The highly expressive, emotional style of the faces, the beautifully rendered anatomy, and an inscription in Greek allowed archaeologists to recognize that they’d just made a truly spectacular find. The inscription (on one of the sculpture fragments) gives the names of three noted Greek sculptors of the late second century BC — the same who produced a famous ancient Greek statue, the “Laocoon” group, unearthed in Rome in 1506 and now in the Vatican Museums. Laocoon was the priest who warned his fellow Trojans against that notorious wooden horse, full of Greek soldiers, presented to Troy by the Greeks, and who was then punished by the god Apollo, who sent serpents to strangle and kill Laocoon and his sons. The story, found in Homer’s Odyssey, also appears in Latin literature, in Virgil’s Aeneid, which was still a new work in Tiberius’ time; it had been written for his predecessor, Augustus.

After many years of efforts and arguments, archaeologists have partially reconstructed some of the statue groups found in the Grotto of Tiberius. A museum, opened in 1963, was built near the site to house the statues found at Sperlonga. After trekking through the first room, full of forgettable pieces, the visitor comes to Room B — an amazing reconstruction from hundreds of marble fragments — part of a group that shows the attack of the monster Scylla on the ship of Odysseus. Scylla, who has the upper body of a woman (leave it to the Greeks to make their most fearsome monsters female!), a belt of rabid dogs, and the lower body of a fish-like dragon, is shown attacking Odysseus’s ship and grabbing several of his sailors, while the hero himself struggles valiantly against her.

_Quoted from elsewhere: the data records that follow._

(* Let $r_0$, $\mathcal N_0$, $\mathcal N_p$, $w$ and $L_{*,w}$ be as defined in the context. Let $\lambda\in\mathbb C$. There exists $0\ne\tilde B\in H^1(\mathbb R;\mathbb C^2)$ with $L_{*,w}\tilde B=\lambda\tilde B$ if and only if there exists $0\ne B\in H^1(\mathbb R;\mathbb C^2)$ with $$\partial_xB=\begin{bmatrix}\mathcal N_0+\mathcal N_p&\lambda\\\lambda&-\mathcal N_0-\mathcal N_p\end{bmatrix}B.$$ More precisely, $(\lambda,\tilde B)$ is such an eigenpair if and only if $(\lambda,B)$ solves the latter problem, where $B$ and $\tilde B$ are related by $\tilde B(x)=\exp\big(w(x)+\int_{-\infty}^x\mathcal N_p(y)dy\big)B(x)$.
   Context: Nonlinearity: $\mathcal N:[0,\infty)\to\mathbb R$ is smooth, $\mathcal N'(s)<0$ for $s>0$, $\mathcal N(0)=1$, $\mathcal N(1)=0$, $\lim_{s\to\infty}\mathcal N(s)\in[-\infty,0)$, and $K:=-\mathcal N'(1)>0$. $r_0$ solves $r_0'=r_0\mathcal N(r_0^2)$, $r_0(0)=\frac12$. Set $\mathcal N_0(x)=\mathcal N(r_0(x)^2)$ and $\mathcal N_p(x)=\mathcal N'(r_0(x)^2)r_0(x)^2$. $w\in C^1$ with $w=0$ for $x\le-1$ and $w(x)=Kx$ for $x\ge1$. $L_{*,w}=\sigma_1(\partial_x-w'(x))+\begin{bmatrix}0&\mathcal N_0\\-\mathcal N_0-2\mathcal N_p&0\end{bmatrix}$ with $\sigma_1=\begin{bmatrix}0&1\\1&0\end{bmatrix}$. This is the weight-conjugated linearization about the non-moving kink $(r_0,0)$ of $u_t=v_x+\mathcal N(u^2+v^2)v$, $v_t=u_x-\mathcal N(u^2+v^2)u$. *)

From HB Require Import structures.
From mathcomp Require Import all_boot all_order all_algebra.
From mathcomp Require Import all_classical all_reals all_analysis.
From mathcomp Require Import complex.
Set Implicit Arguments. Unset Strict Implicit. Unset Printing Implicit Defensive.
Import Order.TTheory GRing.Theory Num.Theory.
Import numFieldNormedType.Exports.
Local Open Scope classical_set_scope.
Local Open Scope ring_scope.
Local Open Scope complex_scope.

Section Defs.
Variable R : realType.
Local Notation C := R[i].
Local Notation mu := (@lebesgue_measure R).

Definition smooth (f : R -> R) : Prop :=
  forall (n : nat) (x : R), derivable (iter n (@derive1 R R) f) x 1.

Definition C1fun (f : R -> R) : Prop :=
  (forall x : R, derivable f x 1) /\ continuous (derive1 f).

Definition nonlinearity (N : R -> R) : Prop :=
  [/\ smooth N,
      (forall s : R, 0 < s -> derive1 N s < 0),
      N 0 = 1, N 1 = 0 &
      exists l : \bar R, ((N x)%:E @[x --> +oo%R] --> l) /\ (l < 0)%E].

Definition Kconst (N : R -> R) : R := - derive1 N 1.

Definition is_r0 (N r0 : R -> R) : Prop :=
  (forall x : R, derivable r0 x 1 /\ derive1 r0 x = r0 x * N (r0 x ^+ 2)) /\
  r0 0 = 2^-1.

Definition N0 (N r0 : R -> R) (x : R) : R := N (r0 x ^+ 2).
Definition Np (N r0 : R -> R) (x : R) : R := derive1 N (r0 x ^+ 2) * r0 x ^+ 2.

Definition is_weight (N w : R -> R) : Prop :=
  [/\ C1fun w,
      (forall x : R, x <= -1 -> w x = 0) &
      (forall x : R, 1 <= x -> w x = Kconst N * x)].

Definition L2R (h : R -> R) : Prop :=
  measurable_fun setT h /\ (\int[mu]_x ((h x) ^+ 2)%:E < +oo)%E.
Definition L2C (f : R -> C) : Prop :=
  L2R (fun x => complex.Re (f x)) /\ L2R (fun x => complex.Im (f x)).

Definition Cint (a b : R) (g : R -> C) : C :=
  (\int[mu]_(x in `[a, b]) complex.Re (g x)) +i* (\int[mu]_(x in `[a, b]) complex.Im (g x)).

(* g is the (weak) derivative of f, f being its absolutely continuous
   representative: f b - f a = int_a^b g *)
Definition weak_deriv (f g : R -> C) : Prop :=
  forall a b : R, a <= b -> f b - f a = Cint a b g.

Definition H1_with_deriv (B dB : R -> C * C) : Prop :=
  [/\ L2C (fun x => (B x).1), L2C (fun x => (B x).2),
      L2C (fun x => (dB x).1), L2C (fun x => (dB x).2) &
      weak_deriv (fun x => (B x).1) (fun x => (dB x).1) /\
      weak_deriv (fun x => (B x).2) (fun x => (dB x).2)].

(* L_{*,w} applied to Bt, whose weak derivative is dBt:
   sigma_1 (dBt - w' Bt) + [[0, N0]; [-N0 - 2 Np, 0]] Bt *)
Definition Lstar (N r0 w : R -> R) (Bt dBt : R -> C * C) (x : R) : C * C :=
  (((dBt x).2 - (derive1 w x)%:C * (Bt x).2) + (N0 N r0 x)%:C * (Bt x).2,
   ((dBt x).1 - (derive1 w x)%:C * (Bt x).1)
     + (- N0 N r0 x - 2 * Np N r0 x)%:C * (Bt x).1).

Definition is_eigenfunction (N r0 w : R -> R) (lam : C) (Bt : R -> C * C) :=
  exists dBt : R -> C * C, H1_with_deriv Bt dBt /\
    {ae mu, forall x, Lstar N r0 w Bt dBt x = (lam * (Bt x).1, lam * (Bt x).2)}.

Definition solves_ODE (N r0 : R -> R) (lam : C) (B : R -> C * C) :=
  exists dB : R -> C * C, H1_with_deriv B dB /\
    {ae mu, forall x, dB x =
       ((N0 N r0 x + Np N r0 x)%:C * (B x).1 + lam * (B x).2,
        lam * (B x).1 - (N0 N r0 x + Np N r0 x)%:C * (B x).2)}.

Definition transf_weight (N r0 w : R -> R) (x : R) : R :=
  expR (w x + \int[mu]_(y in `]-oo, x]) Np N r0 y).

End Defs.

(* Along the kink N0' = 2 Np N0 with Np < 0, so 0 < N0 <= 1 and -Np has the primitive
   -(ln N0)/2, which is bounded below: Np is integrable on (-oo, x] and the weight
   E = exp (w + \int_{-oo}^x Np) is well defined.  E is bounded above and below by
   positive constants.  For x >= 0, r0^2 stays in [1/4, 1), where the mean value theorem
   gives |K + Np| <= A N0 and Np <= -c < 0; hence K x + \int_{-oo}^x Np +- k N0 is
   monotone for a suitable k, so K x + \int_{-oo}^x Np stays bounded on [0, +oo).
   As the logarithmic derivative w' + Np of E is bounded too, multiplication by E
   preserves H^1, and the product rule turns L_{*,w} (E B) = lam E B into the ODE for B:
   the w' terms cancel and Np turns N0 + 2 Np into N0 + Np.  The product rule applies
   because in both problems the weak derivative agrees a.e. with a continuous
   expression in the solution, which is therefore classically differentiable. *)

From HB Require Import structures.
From mathcomp Require Import all_boot all_order all_algebra.
From mathcomp Require Import all_classical all_reals all_analysis.
From mathcomp Require Import complex.
From mathcomp Require Import measurable_realfun.
From mathcomp Require Import ring lra.
Import Order.TTheory GRing.Theory Num.Theory.
Import numFieldNormedType.Exports.
Set Implicit Arguments. Unset Strict Implicit. Unset Printing Implicit Defensive.
Local Open Scope classical_set_scope.
Local Open Scope ring_scope.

One particularly horrifying fragment shows Scylla’s enormous hand (more than 3 times life-size) grabbing a mariner by the hair. At the prow the helmsman sprawls at his post, still clinging to the helm, but with his head resting against the side of the ship, and on his face an expression of utter terror and despair. The well-preserved head of Odysseus displays deep-set eyes and dramatically wild hair and beard, but a facial expression more of determination than fear. Other groups, less complete, may have shown the blinding of the giant Polyphemus by Odysseus and his men, who drive a sharpened stake into the monster’s single eye, and another apparently showed Odysseus carrying the body of Achilles.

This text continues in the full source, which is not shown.